As yearling, Royal Rebel was sent to the Tattersalls sales in October 1997 where he was bought for 145,000 guineas by the bloodstock agent Charlie Gordon-Watson. He entered into the ownership of Peter Savill, the chairman of the British Horseracing Board and was sent into training with Mark Johnston at Middleham, North Yorkshire.

==Racing career==

===1998 and 1999: early career===
Royal Rebel failed to win in three starts as a two-year-old but showed some promise when finishing fourth in the Group One National Stakes at the Curragh.

On his second appearance as a three-year-old, Royal Rebel recorded his first success when he won a maiden race over one mile at Newcastle Racecourse in April.

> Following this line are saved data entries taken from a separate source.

Definition conv_hull (vs : seq cover) : set cover :=
  [set z | exists w : nat -> R, (forall i, 0 <= w i) /\
     \sum_(i < size vs) w i = 1 /\
     z.1 = \sum_(i < size vs) w i *: (nth (0, 0) vs i).1 /\
     z.2 = \sum_(i < size vs) w i * (nth (0, 0) vs i).2].

(* A (compact) polyhedron in M(A): the image of a finite union of
   (convex hulls of finitely many points = finite unions of) simplices of
   the universal cover R^3, whose PL structure induces that of M(A). *)
Definition polyhedron (P : set Mspace) : Prop :=
  exists L : seq (seq cover),
    P = [set m | exists2 vs, vs \in L & exists2 z, conv_hull vs z & m = proj_M z].

Definition open_3cell (U : set Mspace) : Prop :=
  exists (f : 'rV[R]_3 -> Mspace) (g : Mspace -> 'rV[R]_3),
    continuous f /\ {within U, continuous g} /\
    (forall y, U (f y)) /\ (forall y, g (f y) = y) /\
    (forall m, U m -> f (g m) = m).

Definition spine (P : set Mspace) : Prop := polyhedron P /\ open_3cell (~` P).

End TorusBundle.

Definition unit_square {R : realType} : set (R * R) :=
  [set p | p.1 \in `[0, 1]%R /\ p.2 \in `[0, 1]%R].

Definition loop_in {R : realType} {X : topologicalType} (S : set X) (gamma : R -> X) :=
  {within `[0, 1]%classic, continuous gamma} /\ gamma 0 = gamma 1 /\
  (forall u, u \in `[0, 1]%R -> S (gamma u)).

(* gamma represents the trivial element of pi_1(S, gamma 0): a based
   homotopy in S from gamma to the constant loop. *)
Definition null_homotopic_in {R : realType} {X : topologicalType}
  (S : set X) (gamma : R -> X) :=
  exists H : R * R -> X,
    {within (@unit_square R), continuous H} /\
    (forall p, unit_square p -> S (H p)) /\
    (forall u, u \in `[0, 1]%R -> H (u, 0) = gamma u /\ H (u, 1) = gamma 0) /\
    (forall v, v \in `[0, 1]%R -> H (0, v) = gamma 0 /\ H (1, v) = gamma 0).

(* If [gamma] missed [P], it would be a loop in the open 3-cell [M(A) \ P], hence
   null-homotopic in [M(A)].  The fibre is pi_1-injective: a null-homotopy in
   [M(A)] lifts to the universal cover [R^2 x R], the lift of [gamma] is then a
   closed loop at constant height, and its straight-line contraction projects
   to a null-homotopy of [gamma] inside the fibre. *)

From HB Require Import structures.
From Stdlib Require Import Relations.
From mathcomp Require Import all_boot all_order all_algebra generic_quotient.
From mathcomp Require Import all_classical all_reals all_analysis.
From mathcomp Require Import lra.
Import Order.TTheory GRing.Theory Num.Theory.
Import numFieldTopology.Exports numFieldNormedType.Exports.
Local Open Scope classical_set_scope.
Local Open Scope ring_scope.
Set Implicit Arguments. Unset Strict Implicit. Unset Printing Implicit Defensive.

Lemma clos_int_chain (T : Type) (r : relation T) (x : int -> T) :
  (forall k, r (x k) (x (k + 1))) -> forall n, clos_refl_sym_trans T r (x 0) (x n).
Proof.
move=> step; elim/int_rect => [|n IH|n IH]; first exact: rst_refl.
  by apply: rst_trans IH _; apply: rst_step; rewrite -[n.+1]addn1 PoszD.
apply: rst_trans IH _; apply: rst_sym; apply: rst_step.
by have := step (- n%:Z - 1); rewrite subrK -opprD -PoszD addn1.
Qed.

Section MatrixNorm.
Variable R : realFieldType.

Lemma mx_norm_entry m n (M : 'M[R]_(m, n)) i j : `|M i j| <= `|M|.
Proof.
rewrite [leRHS]/Num.Def.normr /= mx_normrE.
exact: (le_bigmax _ (fun ij : 'I_m * 'I_n => `|M ij.1 ij.2|) (i, j)).
Qed.

Lemma mx_norm_le m n (M : 'M[R]_(m, n)) c :
  0 <= c -> (forall i j, `|M i j| <= c) -> `|M| <= c.
Proof.
move=> c_ge0 leMc; rewrite [leLHS]/Num.Def.normr /= mx_normrE.
by apply: bigmax_le => // -[i j] _; exact: leMc.
Qed.

Lemma mulmx_norm_le m n p (M : 'M[R]_(m, n)) (N : 'M[R]_(n, p)) :
  `|M *m N| <= n%:R * `|M| * `|N|.
Proof.
apply: mx_norm_le => [|i j]; first by rewrite !mulr_ge0.
rewrite mxE; apply: le_trans (ler_norm_sum _ _ _) _.
rewrite -mulrA mulr_natl -[in X in _ *+ X](card_ord n) -sumr_const.
by apply: ler_sum => k _; rewrite normrM ler_pM ?mx_norm_entry.
Qed.

Lemma mulmx_exp_norm_le m n (x : 'M[R]_(m, n.+1)) (M : 'M[R]_n.+1) k :
  `|x *m M ^+ k| <= (n.+1%:R * `|M|) ^+ k * `|x|.
Proof.
elim: k => [|k IH]; first by rewrite expr0 mulmx1 mul1r.
rewrite exprSr -mulmxE mulmxA; apply: le_trans (mulmx_norm_le _ _) _.
by rewrite mulrAC exprS -[leRHS]mulrA; apply: ler_wpM2l; rewrite ?mulr_ge0.
Qed.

After finishing second in the Ballysax Stake at Leopardstown he was moved up in class to contest the Derby Trial Stakes at Lingfield Park Racecourse and finished third to Lucido and Daliapour, five lengths clear of Fantastic Light in fourth. He finished seventh of the eight runners behind Montjeu in the Prix du Jockey Club and then finished unplaced when carrying top weight of 133 pounds in a handicap race at Goodwood. In August he was sent to race in Ireland for the third time and was matched against older horses in the Listed Ballycullen Stakes over fourteen furlongs at Leopardstown. Ridden by Johnny Murtagh he started the 9/4 favourite and won by two lengths from Try For Ever. On his final appearance of the year, Royal Rebel traveled to Sweden for the Stockholm Cup International at Täby Racecourse, where he finished unplaced behind the Norwegian-trained six-year-old Albaran.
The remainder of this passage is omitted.